Oil to fall, underpinning growth: Credit Suisse
By Jeremy Gaunt, European Investment Correspondent
LONDON (Reuters) - Credit Suisse's investment arm is banking on commodity prices to fall over the rest of this year, with the price of crude oil dropping back to between $100 and $120 a barrel, one of its top executives said on Thursday.
That should allow for modest economic growth in the United States and other developed countries and be conducive to a rebound in equities and corporate credit, Bob Parker, vice chairman for asset management, told the Reuters Investment Outlook Summit in London.
"We have been taking profits on our commodity positions," he said.
Parker said there were a number of factors arguing for a pull back in the commodity price boom in general and the oil spike in particular, both of which have triggered fears of inflation and consumer spending stress.
Slowing U.S. and European economies should lower demand for oil and central banks appear to be working together to dampen commodity inflation with hawkish comments about monetary policy, he said.

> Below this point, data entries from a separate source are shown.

Lemma inner_le_ln_lse lam x : in_conv_hull l pts x -> inner l lam x <= ln (lse l pts lam).
Proof.
  intros Hx.
  assert (HN : (0 < length pts)%nat) by (destruct pts; [congruence|simpl; lia]).
  destruct (argmax_idx _ (fun k => inner l lam (nth k pts vzero)) HN) as [k0 [Hk0 Hmax]].
  apply Rle_trans with (inner l lam (nth k0 pts vzero)).
  - apply (hull_inner_le l pts lam _ x Hx). exact Hmax.
  - rewrite <- (ln_exp (inner l lam (nth k0 pts vzero))).
    apply ln_le; [apply exp_pos|]. unfold lse.
    apply (fsum_term (fun p => exp (inner l lam p))); [intros; left; apply exp_pos|].
    apply nth_In, Hk0.
Qed.

(* Coercivity on the kernel: move from theta by eta in the direction of lam. *)
Lemma dual_coercive lam : satisfies m l A (fun _ => 0) lam -> L lam <= - eta * norm2 l lam.
Proof.
  intros Hlam. unfold L, dual.
  destruct (Rle_lt_or_eq_dec _ _ (sqrt_pos (inner l lam lam))) as [Hpos|Hzero].
  - fold (norm2 l lam) in Hpos. set (n := norm2 l lam) in *.
    set (theta' := fun i => theta i + (eta / n) * lam i).
    assert (Hsat : satisfies m l A c theta').
    { intros j Hj. unfold mat_vec, theta'. rewrite inner_plus_r, inner_scal_r.
      assert (Ht := hull_satisfies l m pts A c pts_nonempty vertex_equations
                       theta theta_in_hull j Hj).
      assert (Hl := Hlam j Hj). unfold mat_vec in Ht, Hl. rewrite Ht, Hl. ring. }
    assert (Hdist : norm2 l (fun i => theta' i - theta i) <= eta).
    { replace (norm2 l (fun i => theta' i - theta i)) with (norm2 l (fun i => (eta / n) * lam i))
        by (unfold norm2; f_equal; apply inner_ext; intros i _; unfold theta'; ring).
      rewrite norm2_scal, Rabs_right by (apply Rle_ge, Rlt_le, Rdiv_lt_0_compat; lra).
      fold n. right. field. lra. }
    assert (Hup := inner_le_ln_lse lam theta' (theta_interior theta' Hsat Hdist)).
    unfold theta' in Hup. rewrite inner_plus_r, inner_scal_r, <- (norm2_sq l lam) in Hup.
    fold n in Hup. replace (eta / n * (n * n)) with (eta * n) in Hup by (field; lra).
    lra.
  - fold (norm2 l lam) in Hzero. rewrite <- Hzero.
    assert (Hup := inner_le_ln_lse lam theta theta_in_hull). lra.
Qed.

Lemma dual_zero : L (fun _ => 0) = - ln (INR (length pts)).
Proof.
  unfold L, dual, lse. rewrite inner_zero_l.
  rewrite (fsum_scal _ (fun _ => 1) 1 pts), fsum_const1, Rmult_1_l; [ring|].
  intros p _. rewrite inner_zero_l, exp_0. ring.
Qed.

(* Adding a combination of the rows of A shifts every <lam, x>, x in the hull,
   by the same constant, so L is unchanged; hence L takes all its values on
   the kernel. *)
Lemma dual_kernel_representative mu :
  exists lam, satisfies m l A (fun _ => 0) lam /\ L lam = L mu.
Proof.
  destruct (kernel_projection l m A rows_indep mu) as [nu Hnu].
  set (lam := fun k => mu k - comb m A nu k).
  exists lam. split; [intros i Hi; apply Hnu, Hi|].
  set (s := sumR m (fun j => nu j * c j)).
  assert (Hshift : forall x, in_conv_hull l pts x -> inner l lam x = inner l mu x - s).
  { intros x Hx. unfold lam. rewrite inner_minus_l, (inner_comm l (comb m A nu)), inner_comb.
    f_equal. apply sumR_ext. intros j Hj.
    assert (H := hull_satisfies l m pts A c pts_nonempty vertex_equations x Hx j Hj).
    unfold mat_vec in H. rewrite inner_comm, H. reflexivity. }
  assert (Hlse : lse l pts lam = exp (- s) * lse l pts mu).
  { unfold lse. apply fsum_scal. intros p Hp. rewrite (Hshift p (pts_in_hull p Hp)).
    rewrite <- exp_plus. f_equal. ring. }
  unfold L, dual. rewrite (Hshift theta theta_in_hull), Hlse.
  rewrite ln_mult, ln_exp by (apply exp_pos || apply lse_pos). ring.
Qed.

Lemma dual_lipschitz : exists C, forall x y d, 0 <= d ->
  (forall i, (i < l)%nat -> Rabs (y i - x i) <= d) -> Rabs (L y - L x) <= C * d.
Proof.
  set (Ct := sumR l (fun i => Rabs (theta i))).
  set (Cp := fsum (fun p => sumR l (fun i => Rabs (p i))) pts).
  exists (Ct + Cp). intros x y d Hd H. unfold L, dual.
  assert (H1 : Rabs (inner l y theta - inner l x theta) <= Ct * d).
  { rewrite (inner_comm l y), (inner_comm l x). apply inner_lipschitz, H. }
  assert (H2 : Rabs (ln (lse l pts y) - ln (lse l pts x)) <= Cp * d).
  { apply lse_lipschitz; [exact pts_nonempty|]. intros p Hp.
    apply Rle_trans with (sumR l (fun i => Rabs (p i)) * d).
    - rewrite (inner_comm l y), (inner_comm l x). apply inner_lipschitz, H.
    - apply Rmult_le_compat_r; [exact Hd|]. unfold Cp.
      apply (fsum_term (fun p => sumR l (fun i => Rabs (p i)))); [|exact Hp].
      intros; apply sumR_nonneg; intros; apply Rabs_pos. }
  apply Rabs_le_inv in H1. apply Rabs_le_inv in H2. apply Rabs_le. lra.
Qed.

Lemma dual_veq x y : veq l x y -> L x = L y.
Proof.
  intros Hxy. unfold L, dual, lse.
  rewrite (inner_ext l x y theta theta Hxy (fun i _ => eq_refl)).
  unfold fsum. do 3 f_equal. apply map_ext. intros p.
  rewrite (inner_ext l x y p p Hxy (fun i _ => eq_refl)). reflexivity.
Qed.

Lemma kernel_box_veq B x y : veq l x y -> kernel_box l m A B x -> kernel_box l m A B y.
Proof.
  intros Hxy [Hx1 Hx2]. split.
  - intros j Hj. rewrite <- (Hx1 j Hj). unfold mat_vec.
    apply inner_ext; [intros i _; reflexivity|intros i Hi; symmetry; apply Hxy, Hi].
  - intros i Hi. rewrite <- (Hxy i Hi). apply Hx2, Hi.
Qed.

Let radius := ln (INR (length pts)) / eta.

In addition, Credit Suisse sees the easing of extraordinary oil demand from China.
"The Chinese have been overstockpiling oil ahead of the Olympics," Parker said. "Shipments of oil to China might come off (in July). There is an argument that the strength of stockpiling by China should now reverse somewhat."
Partly as a result of this, Parker said his firm was expecting the developed world to go through a sustained period of moderate, or mediocre growth, rather than a recession.